Committee against Torture
Information received from Uruguay on follow-up to the concluding observations on its fourth periodic report *
[Date received: 15 May 2023]
Definition and criminalization of torture
1.In relation to the criminalization of torture, on 6 March 2023, Judge Iriarte of the Third Rota Court of Canelones, ruling on case No. 2-65903/2019, found Mr. Alejandro Ariel Ferreira Brune criminally liable as a co-perpetrator of multiple counts of torture. See annex I for the corresponding decision.
Prison conditions
2.With regard to the reform of the prison system in Uruguay, section I (Public security), chapter VI, article 87, of Act No. 19.889, adopted under the fast-track legislative procedure, establishes the main pillars of the national strategy for the reform of the prison system. The National Rehabilitation Institute is charged with drafting short-, medium- and long-term goals.
3.With regard to the health-care strategy for inmates, the prison system in Uruguay has a programme known as the Integrated System for Persons Deprived of Their Liberty, which concerns the provision of primary health care for persons deprived of their liberty.

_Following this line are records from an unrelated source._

(* For the tree $\widetilde T$ constructed below there is a constant $C>0$ such that $|\widetilde T_n|\le 3^{C\sqrt n}$ for all $n\ge1$.
   Context: For a rooted tree, $T_n$ denotes the set of edges $e=(e^-,e^+)$ with $e^+$ at distance $n$ from the root. To a nonempty set $E\subset\{0,1,2\}^{\mathbb N}$ associate the rooted tree $\Phi(E)$ whose vertices are all finite words (including the empty word, the root) that are prefixes of some element of $E$, with edges between each such word $w$ and each such word $wj$, $j\in\{0,1,2\}$. The shift is $\mathcal S(a_1,a_2,\dots)=(a_2,a_3,\dots)$. The labelled $1$-$3$ tree $T_{1,3}$: vertices are finite words over $\{0,1,2\}$; the root $\emptyset$ has children $0,1$; a vertex $w$ with $k$ children has children $w0,\dots,w(k-1)$; for each $n\ge1$, ordering the $2^n$ level-$n$ vertices lexicographically, the first $2^{n-1}$ have one child and the last $2^{n-1}$ have three children. Let $R$ be the set of sequences all of whose prefixes are vertices of $T_{1,3}$, $E_0$ the set of sequences $(a_1,a_2,0,a_3,0,0,a_4,0,0,0,a_5,\dots)$ (each $a_k$ followed by $k-1$ zeros) for $(a_k)\in R$, $E_j=\mathcal S(E_{j-1})$, $\widetilde E=\bigcup_{j\ge0}E_j$, and $\widetilde T=\Phi(\widetilde E)$. *)

From mathcomp Require Import all_boot.
From mathcomp Require Import boolp.
Set Implicit Arguments. Unset Strict Implicit. Unset Printing Implicit Defensive.

Fixpoint lexle (s t : seq nat) : bool :=
  match s, t with
  | [::], _ => true
  | _ :: _, [::] => false
  | a :: s', b :: t' => (a < b) || ((a == b) && lexle s' t')
  end.

(* level n of the labelled 1-3 tree T_{1,3}: the list of its level-n
   vertices (words of length n), sorted lexicographically. The word "w j"
   is [rcons w j]. *)
Fixpoint level13 (n : nat) : seq (seq nat) :=
  match n with
  | 0 => [:: [::]]
  | n'.+1 =>
    sort lexle
      (match n' with
       | 0 => [:: [:: 0]; [:: 1]]
       | _ =>
         let L := level13 n' in
         flatten [seq (let w := nth [::] L i in
                       if i < 2 ^ n'.-1 then [:: rcons w 0]
                       else [:: rcons w 0; rcons w 1; rcons w 2])
                 | i <- iota 0 (size L)]
       end)
  end.

Definition vertex13 (w : seq nat) : bool := w \in level13 (size w).

Definition sequence3 := nat -> 'I_3.

Definition prefix (x : sequence3) (n : nat) : seq nat := mkseq (fun i => nat_of_ord (x i)) n.

Definition inR (a : sequence3) : Prop := forall n, vertex13 (prefix a n).

(* triangular numbers: 0-indexed position of a_{k+1} in the E_0 sequence *)
Definition tri (k : nat) : nat := (k * k.+1) %/ 2.

(* E_0 : (a_1, a_2, 0, a_3, 0, 0, a_4, ...) with each a_k followed by k-1 zeros *)
Definition E0 (x : sequence3) : Prop :=
  exists a : sequence3, inR a /\
    (forall k, x (tri k) = a k) /\
    (forall i, (forall k, i <> tri k) -> x i = ord0).

Definition shift (x : sequence3) : sequence3 := fun i => x i.+1.

Definition Ej (j : nat) (x : sequence3) : Prop :=
  exists y, E0 y /\ x = iter j shift y.

Definition Etilde (x : sequence3) : Prop := exists j, Ej j x.

Definition PhiVertex (E : sequence3 -> Prop) (w : seq 'I_3) : Prop :=
  exists x, E x /\ forall i, i < size w -> x i = nth ord0 w i.

Definition PhiEdges (E : sequence3 -> Prop) (n : nat)
  : {set (n.-1).-tuple 'I_3 * n.-tuple 'I_3} :=
  [set e : (n.-1).-tuple 'I_3 * n.-tuple 'I_3 | `[< PhiVertex E (val e.1) /\ PhiVertex E (val e.2) /\
             exists j : 'I_3, val e.2 = rcons (val e.1) j >] ].

(* An element of E~ is a shift S^j y of a sequence y of E_0, and y is zero
   except at the triangular positions tri k, where it carries a_k.  Hence a
   level-n vertex of T~, i.e. a window y_j ... y_{j+n-1}, is determined by
   - the offset p of the first triangular position tri k0 >= j in the window,
   - the index k0 (both capped at n: beyond n the window sees at most one
     marked position, and only the cap matters),
   - the labels a_{k0}, a_{k0+1}, ... of the marked positions in the window;
     consecutive triangular numbers drift apart, so a window of length n
     contains fewer than M := sqrt(2n) + 1 of them.
   This gives at most (n+1)^2 3^M <= 3^(5M) level-n vertices, and as an edge
   of T_n is determined by its lower endpoint, |T~_n| <= 3^(5M) <= 3^(15 sqrt n). *)

From mathcomp Require Import all_boot boolp.
From Stdlib Require Import Reals Lia Lra.
From mathcomp Require Import zify.
(* Reals rebinds [^] on nat to [Nat.pow]; restore ssrnat's [expn]. *)
Import ssrnat.

Set Implicit Arguments.
Unset Strict Implicit.
Unset Printing Implicit Defensive.

Lemma tri_double k : 2 * tri k = k * k.+1.
Proof.
rewrite /tri; have /dvdnP [q ->] : 2 %| k * k.+1.
  by rewrite dvdn2 oddM /= andbN.
by rewrite mulnK // mulnC.
Qed.

Definition gap (k t : nat) : nat := k * t + tri t.

Lemma tri_addE k t : tri (k + t) = tri k + gap k t.
Proof.
rewrite /gap; have := tri_double k; have := tri_double t; have := tri_double (k + t).
nia.
Qed.

Lemma tri_ge k : k <= tri k.
Proof. have := tri_double k; nia. Qed.

Lemma gap_ge k t : k * t + t <= gap k t.
Proof. rewrite /gap; have := tri_double t; nia. Qed.

Definition max_marks (n : nat) : nat := (Nat.sqrt (2 * n)).+1.

Lemma tri_lt_max_marks n t : tri t < n -> t < max_marks n.
Proof.
rewrite /max_marks; have [_ hsq] := Nat.sqrt_spec' (2 * n).
have := tri_double t; nia.
Qed.

Lemma max_marks_sq n : n.+1 <= max_marks n * max_marks n.
Proof. rewrite /max_marks; have [_ hsq] := Nat.sqrt_spec' (2 * n); lia. Qed.

Section Window.
Variables j k0 : nat.
Hypothesis k0_ge : j <= tri k0.
Hypothesis k0_min : forall K, j <= tri K -> k0 <= K.

Lemma window_tri i K :
  i + j = tri K -> exists t, K = k0 + t /\ i = tri k0 - j + gap k0 t.
Proof.
move=> hK; have hk0K : k0 <= K by apply: k0_min; lia.
exists (K - k0); have eK : K = k0 + (K - k0) by lia.
split=> //; move: hK; rewrite {1}eK tri_addE; lia.
Qed.

End Window.

Lemma gap_cap n p k t i :
  i < n -> (i == p + gap k t) = (i == minn p n + gap (minn k n) t).
Proof.
move=> hi; have := gap_ge k t; have := gap_ge (minn k n) t.
case: (leqP k n) => hk; case: (posnP t) => [-> | ht]; rewrite /gap /tri /=; nia.
Qed.

(* The window code: offset p, index k, and the labels v of the marked
   positions p + gap k t (t < max_marks n); all other letters are 0. *)
Notation window_data n :=
  ('I_n.+1 * 'I_n.+1 * {ffun 'I_(max_marks n) -> 'I_3})%type.

Definition window_code {n : nat} (d : window_data n) : n.-tuple 'I_3 :=
  let: (p, k, v) := d in
  [tuple if [pick t : 'I_(max_marks n) | (i : nat) == p + gap k t] is Some t
         then v t else ord0 | i < n].

Lemma iter_shift j (y : sequence3) i : iter j shift y i = y (i + j).
Proof. by elim: j i => [|j IH] i; rewrite ?addn0 //= /shift IH addSnnS. Qed.

Lemma vertex_window_code n (w : n.-tuple 'I_3) :
  PhiVertex Etilde w -> exists d, w = window_code d.
Proof.
move=> [x [[j [y [[a [_ [y_tri y_zero]]] ->]]] xw]].
have wE (i : 'I_n) : tnth w i = y (i + j).
  by rewrite (tnth_nth ord0) -xw ?size_tuple // iter_shift.
have [k0 k0_ge k0_min] : exists2 k0, j <= tri k0 & forall K, j <= tri K -> k0 <= K.
  by case: (ex_minnP (ex_intro (fun k => j <= tri k) j (tri_ge j))) => k0 ? ?; exists k0.
set p := tri k0 - j.
exists (inord (minn p n), inord (minn k0 n), [ffun t : 'I_(max_marks n) => a (k0 + t)]).
apply: eq_from_tnth => i; rewrite wE tnth_mktuple !inordK; try lia.
rewrite -(eq_pick (fun t : 'I_(max_marks n) => gap_cap p k0 t (ltn_ord i))).
case: pickP => [t /eqP it | no_mark].
  by rewrite ffunE -y_tri it /p tri_addE; congr y; lia.
have [[K iK] | not_tri] := pselect (exists K, i + j = tri K); last first.
  by apply: y_zero => k ik; apply: not_tri; exists k.
have [t [_ it]] := window_tri k0_ge k0_min iK.
have t_small : t < max_marks n.
  by apply: tri_lt_max_marks; have := ltn_ord i; rewrite /gap in it; lia.
by have := no_mark (Ordinal t_small); rewrite /= it eqxx.
Qed.

(* An edge of T_n is determined by its lower endpoint, a vertex at level n. *)
Lemma card_edges_le_vertices (E : sequence3 -> Prop) n :
  #|PhiEdges E n| <= #|[set w : n.-tuple 'I_3 | `[< PhiVertex E w >]]|.
Proof.
have snd_inj : {in PhiEdges E n &, injective (@snd _ _)}.
  move=> [u v] [u' v']; rewrite !inE => /asboolP [_ [_ [c vE]]].
  move=> /asboolP [_ [_ [c' v'E]]] /= vv'.
  have /rcons_inj [uu' _] : rcons u c = rcons u' c' by rewrite -vE -v'E vv'.
  by rewrite vv' (val_inj uu').
rewrite -(card_in_imset snd_inj); apply: subset_leq_card.
apply/subsetP => _ /imsetP [e + ->]; rewrite !inE => /asboolP [_ [vx _]].
exact/asboolP.
Qed.

Lemma card_vertices_le n :
  #|[set w : n.-tuple 'I_3 | `[< PhiVertex Etilde w >]]| <= #|{: window_data n}|.
Proof.
apply: leq_trans (leq_imset_card (@window_code n) predT).
apply: subset_leq_card; apply/subsetP => w; rewrite inE => /asboolP /vertex_window_code [d ->].
exact: imset_f.
Qed.

(* (n+1)^2 3^M <= 3^(5M), since n + 1 <= M^2 < 3^(2M). *)
Lemma card_window_data n : #|{: window_data n}| <= 3 ^ (5 * max_marks n).
Proof.
rewrite !card_prod card_ffun !card_ord.
set X := 3 ^ max_marks n.
have marks_lt : max_marks n < X by apply: ltn_expl.
have n_lt : n.+1 <= X * X.
  by apply: leq_trans (max_marks_sq n) _; apply: leq_mul; apply: ltnW.
rewrite (mulnC 5) expnM -/X !expnS expn0 muln1.
have := leq_mul n_lt n_lt; nia.
Qed.

Lemma card_edges_le n : #|PhiEdges Etilde n| <= 3 ^ (5 * max_marks n).
Proof.
apply: leq_trans (card_edges_le_vertices _ _) _.
exact: leq_trans (card_vertices_le n) (card_window_data n).
Qed.

Lemma INR_expn a m : INR (a ^ m) = (INR a ^ m)%R.
Proof. by elim: m => [|m IH] //; rewrite expnS -multE mult_INR IH. Qed.

Lemma max_marks_le_sqrt n : 1 <= n -> (INR (max_marks n) <= 3 * sqrt (INR n))%R.
Proof.
move=> n_ge1; rewrite /max_marks S_INR; set s := Nat.sqrt (2 * n).
have s_sq : (INR s * INR s <= 2 * INR n)%R.
  have [s_sq _] := Nat.sqrt_spec' (2 * n).
  rewrite -mult_INR (_ : 2%R = INR 2) // -mult_INR; apply: le_INR; lia.
have s_le : (INR s <= sqrt 2 * sqrt (INR n))%R.
  rewrite -sqrt_mult; [|lra|apply: pos_INR].
  by rewrite -(sqrt_square (INR s)); [apply: sqrt_le_1_alt | apply: pos_INR].
have sqrt2_le : (sqrt 2 <= 2)%R.
  by rewrite -{2}(sqrt_square 2); [apply: sqrt_le_1_alt | ]; lra.
have sqrtn_ge1 : (1 <= sqrt (INR n))%R.
  by rewrite -sqrt_1; apply: sqrt_le_1_alt; apply: (le_INR 1); lia.
have := sqrt_pos (INR n); nra.
Qed.

Theorem mainTheorem3 :
  exists C : R, (0 < C)%R /\
    forall n : nat, (1 <= n)%N ->
      (INR #|PhiEdges Etilde n| <= Rpower 3 (C * sqrt (INR n)))%R.
Proof.
exists 15%R; split; first lra.
move=> n n_ge1.
apply: Rle_trans (_ : INR (3 ^ (5 * max_marks n)) <= _)%R.
  by apply: le_INR; apply/leP; apply: card_edges_le.
rewrite INR_expn -Rpower_pow (_ : INR 3 = 3%R); try by simpl; lra.
apply: Rle_Rpower; first lra.
rewrite -multE mult_INR (_ : INR 5 = 5%R); last by simpl; lra.
have := max_marks_le_sqrt n_ge1; lra.
Qed.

The main provider of this service is the State Health Services Administration, with the Ministry of the Interior acting as co-administrator, providing assistance through the National Police Health Directorate.

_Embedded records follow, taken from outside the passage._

Definition sol_norm (p u : pt) : R := sqrt (sol_inner p u u).

Definition sol_angle (p u v : pt) : R :=
  acos (sol_inner p u v / (sol_norm p u * sol_norm p v)).

(* A curve t |-> (cx t, cy t, cz t) defined on all of R, together with its
   velocity components (the velocity is pinned down by IsGeodesic below). *)
Record curve := Curve {
  cx : R -> R; cy : R -> R; cz : R -> R;
  vx : R -> R; vy : R -> R; vz : R -> R }.

Definition at_time (g : curve) (t : R) : pt := (cx g t, cy g t, cz g t).
Definition vel (g : curve) (t : R) : pt := (vx g t, vy g t, vz g t).

(* Geodesic equations of Sol (Euler-Lagrange for the metric above):
     x'' + 2 z' x' = 0,  y'' - 2 z' y' = 0,  z'' = e^{2z} x'^2 - e^{-2z} y'^2. *)
Definition IsGeodesic (g : curve) : Prop :=
  exists ax ay az : R -> R,
  forall t : R,
    derivable_pt_lim (cx g) t (vx g t) /\
    derivable_pt_lim (cy g) t (vy g t) /\
    derivable_pt_lim (cz g) t (vz g t) /\
    derivable_pt_lim (vx g) t (ax t) /\
    derivable_pt_lim (vy g) t (ay t) /\
    derivable_pt_lim (vz g) t (az t) /\
    ax t + 2 * vz g t * vx g t = 0 /\
    ay t - 2 * vz g t * vy g t = 0 /\
    az t = exp (2 * cz g t) * (vx g t) ^ 2 - exp (- (2 * cz g t)) * (vy g t) ^ 2.

(* A geodesic segment from p to q: restriction to [0,1] of a (complete)
   geodesic g with g(0) = p, g(1) = q. *)
Definition GeodSegment (g : curve) (p q : pt) : Prop :=
  IsGeodesic g /\ at_time g 0 = p /\ at_time g 1 = q.

Definition OnCommonGeodesic (p q r : pt) : Prop :=
  exists (g : curve) (t1 t2 t3 : R), IsGeodesic g /\
    at_time g t1 = p /\ at_time g t2 = q /\ at_time g t3 = r.

(* Interior angle sum of the triangle with sides a : p->q, b : q->r, c : r->p.
   Initial tangent of a side issuing from a vertex where it ends is -g'(1). *)
Definition neg (u : pt) : pt := (- px u, - py u, - pz u).

Definition angle_sum (p q r : pt) (a b c : curve) : R :=
  sol_angle p (vel a 0) (neg (vel c 1)) +
  sol_angle q (vel b 0) (neg (vel a 1)) +
  sol_angle r (vel c 0) (neg (vel b 1)).

(* Take p = (0,0,0), q = (a,a,0) and r = (a,0,ln u) with a = sqrt(3/2), b = sqrt(5/2) and
   u = b - a.  The side pq is a diagonal line of the plane z = 0.  The planes x = a and y = 0
   are hyperbolic planes (half-plane models of height e^z, resp. e^-z, exchanged by the
   isometry (x, y, z) |-> (y, x, -z)), so qr and rp can be taken to be arcs of semicircles,
   of radii R_qr and R_rp.  The angles at p and q have cosines 1/(sqrt 2 R_rp) and
   1/(sqrt 2 R_qr) and sines (3 + ab)/(sqrt 2 R_rp) and (3 - ab)/(sqrt 2 R_qr); the angle at r
   has cosine (17/8)/(R_rp R_qr), and since (3 + ab)(3 - ab) - 1 = 17/4 the addition formula
   for the cosine shows that it is the supplement of the sum of the other two.
   Along a geodesic the momentum x' e^(2z) is conserved, so x is either constant or never
   takes a value twice; as q and r share their x-coordinate but p does not, no geodesic
   passes through all three vertices. *)

From Stdlib Require Import Reals Lra Psatz.
From Coquelicot Require Import Coquelicot.
Open Scope R_scope.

4.According to the Parliamentary Commissioner for the Prison System, the system of alternative measures has been strengthened through the creation of the National Directorate for Probation Supervision; the Criminal Justice Policy Council has been activated; and the formulation of a national strategy for prison reform, supported by the signing of a document setting out basic agreements by all political parties with parliamentary representation, has been announced. In the Commissioner’s opinion, urgent measures are still required to improve the worst prison conditions in the Metropolitan Centre for Women (Unit No. 5), in the Canelones Prison and in modules 10 and 11 of the Santiago Vázquez Prison Complex (Unit No. 4).
Deaths in custody
5.All deaths in custody are investigated within prisons under the authority of the Ministry of the Interior and are reported to the judiciary by the prosecutor, who assumes responsibility for the investigation and related procedures to establish the facts and the causes of those deaths.
6.With regard to the development of efficient mechanisms for reporting torture and ill-treatment, Uruguay has a national mechanism for the prevention of torture, which is a supervisory and collaborative body that is autonomous and independent of the State. It operates within the National Human Rights Institution and Ombudsman’s Office and was created in accordance with the Optional Protocol to the Convention against Torture and Other Cruel, Inhuman or Degrading Treatment or Punishment to prevent torture or ill-treatment of persons deprived of their liberty.

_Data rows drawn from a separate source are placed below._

Lemma widen_ord_inj n m (le_nm : (n <= m)%N) : injective (widen_ord le_nm).
Proof. by move=> a b /(congr1 val) /= /val_inj. Qed.

Section EntrywiseTransfer.
Variables (R : realType) (f : R -> R).

Definition additivity_defect n (A B : 'M[R]_n) : 'M[R]_n :=
  entrywise f (A + B) - entrywise f A - entrywise f B.

Lemma additivity_defectE n (A B : 'M[R]_n) i j :
  additivity_defect A B i j = f (A i j + B i j) - f (A i j) - f (B i j).
Proof. by rewrite /additivity_defect !mxE. Qed.

Lemma entrywise_mxsub p q (g : 'I_p -> 'I_q) (A : 'M[R]_q) :
  entrywise f (mxsub g g A) = mxsub g g (entrywise f A).
Proof. exact: map_mxsub. Qed.

Lemma additivity_defect_mxsub p q (g : 'I_p -> 'I_q) (A B : 'M[R]_q) :
  additivity_defect (mxsub g g A) (mxsub g g B) = mxsub g g (additivity_defect A B).
Proof. by rewrite /additivity_defect -raddfD !entrywise_mxsub -!raddfB. Qed.

Lemma inP_complete m (A : 'M[R]_m) : inP (@complete_rel m) A <-> psd A.
Proof. by split=> [[]//|psdA]; split=> // i j ij; rewrite /complete_rel ij. Qed.

Lemma preserves_positivity_complete_le p m : (p <= m)%N ->
  preserves_positivity (@complete_rel m) f -> preserves_positivity (@complete_rel p) f.
Proof.
move=> le_pm pos B /inP_complete psdB; apply/inP_complete.
rewrite -(mxsub_embed (@widen_ord_inj _ _ le_pm) B) entrywise_mxsub.
by apply/psd_mxsub/inP_complete/pos/inP_complete/psd_embed.
Qed.

Lemma loewner_superadditive_complete_le p m : (p <= m)%N ->
  loewner_superadditive (@complete_rel m) f -> loewner_superadditive (@complete_rel p) f.
Proof.
move=> le_pm [f0 sup]; split=> // B1 B2 /inP_complete psdB1 /inP_complete psdB2.
apply/inP_complete; rewrite -/(additivity_defect B1 B2).
have inj := @widen_ord_inj _ _ le_pm.
rewrite -(mxsub_embed inj B1) -(mxsub_embed inj B2) additivity_defect_mxsub.
by apply/psd_mxsub/inP_complete/sup; apply/inP_complete/psd_embed.
Qed.

Lemma psd_entrywise_block n m (X : {set 'I_n}) (A : 'M[R]_n) :
  f 0 = 0 -> preserves_positivity (@complete_rel m) f -> (#|X| <= m)%N ->
  psd A -> supported_on A (block_rel X) -> psd (entrywise f A).
Proof.
move=> f0 pos le_Xm psdA suppA.
have inj := @enum_val_inj _ (mem X).
rewrite -(embed_mxsub inj (A := entrywise f A)); last first.
  move=> i j; rewrite !codom_enum_val -negb_and => out.
  by rewrite mxE (_ : A i j = 0) //; apply/eqP; apply: contraNT out => /suppA.
apply/psd_embed; rewrite -entrywise_mxsub.
apply/inP_complete/(preserves_positivity_complete_le le_Xm pos)/inP_complete.
exact: psd_mxsub.
Qed.

Lemma psd_additivity_defect_block n m (X : {set 'I_n}) (A B : 'M[R]_n) :
  loewner_superadditive (@complete_rel m) f -> (#|X| <= m)%N -> psd A -> psd B ->
  (forall i j, A i j != 0 -> B i j != 0 -> block_rel X i j) ->
  psd (additivity_defect A B).
Proof.
move=> sup le_Xm psdA psdB suppAB.
have [f0 sup'] := loewner_superadditive_complete_le le_Xm sup.
have inj := @enum_val_inj _ (mem X).
rewrite -(embed_mxsub inj (A := additivity_defect A B)); last first.
  move=> i j; rewrite !codom_enum_val -negb_and additivity_defectE => out.
  have [Aij0|/suppAB Bij] := eqVneq (A i j) 0.
    by rewrite Aij0 add0r f0 subr0 subrr.
  have [Bij0|/Bij ij_in] := eqVneq (B i j) 0; last by case/negP: out.
  by rewrite Bij0 addr0 f0 subr0 subrr.
apply/psd_embed; rewrite -additivity_defect_mxsub.
by apply/inP_complete/sup'; apply/inP_complete/psd_mxsub.
Qed.

End EntrywiseTransfer.

Definition cover_rel n (C : seq {set 'I_n}) (k : nat) : rel 'I_n :=
  fun i j => [exists l : 'I_k, (i \in nth set0 C l) && (j \in nth set0 C l)].

Section Cover.
Variables (n : nat) (C : seq {set 'I_n}).

Lemma cover_relS k i j :
  cover_rel C k.+1 i j = cover_rel C k i j || block_rel (nth set0 C k) i j.
Proof.
apply/existsP/orP => [[l ijl]|[/existsP[l ijl]|ijk]].
- have [lk|kl] := ltnP l k; first by left; apply/existsP; exists (Ordinal lk).
  by right; rewrite -(@anti_leq l k) // -ltnS ltn_ord.
- by exists (widen_ord (leqnSn k) l).
- by exists ord_max.
Qed.

Lemma cover_rel_Hset k i j :
  cover_rel C k i j -> (i \in Hset C k) && (j \in Hset C k).
Proof. by case/existsP=> l /andP[il jl]; apply/andP; split; apply/bigcupP; exists l. Qed.

Lemma Sset_cover_rel k i j :
  (forall l, (0 < l < size C)%N -> exists2 j, (j < l)%N & Sset C l \subset nth set0 C j) ->
  i \in Sset C k -> j \in Sset C k -> cover_rel C k i j.
Proof.
move=> perfectC iS jS; move: (iS) (jS); rewrite /Sset !inE => /andP[iH iC] /andP[_ jC].
have k_gt0 : (0 < k)%N by move: iH; case: (k) => //; rewrite /Hset big_ord0 inE.
have k_lt : (k < size C)%N.
  by rewrite ltnNge; apply/negP => /(nth_default set0) Ck0; rewrite Ck0 inE in iC.
have [l lk sub] := perfectC k (introT andP (conj k_gt0 k_lt)).
by apply/existsP; exists (Ordinal lk); rewrite /= !(subsetP sub).
Qed.

End Cover.

Section PerfectOrdering.
Variables (R : realType) (n : nat) (C : seq {set 'I_n}) (f : R -> R) (c s : nat).
Hypothesis perfectC : forall l, (0 < l < size C)%N ->
  exists2 j, (j < l)%N & Sset C l \subset nth set0 C j.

7.Furthermore, within the legislative branch, the special committee of the General Assembly for monitoring prison conditions, which has operated continuously since 2006, includes representatives of all parties at the national level. In addition to coordinating with the Parliamentary Commissioner, it visits prisons throughout the country and extends invitations to officials from various institutions related to the national prison system. This provides legislators with an opportunity to discuss prison-related matters with these institutions and hence with a source of direct and up-to-date information on the prison system. Records of these meetings, with information on the activities carried out by this committee, are contained in annexes IV, V, VI and VII.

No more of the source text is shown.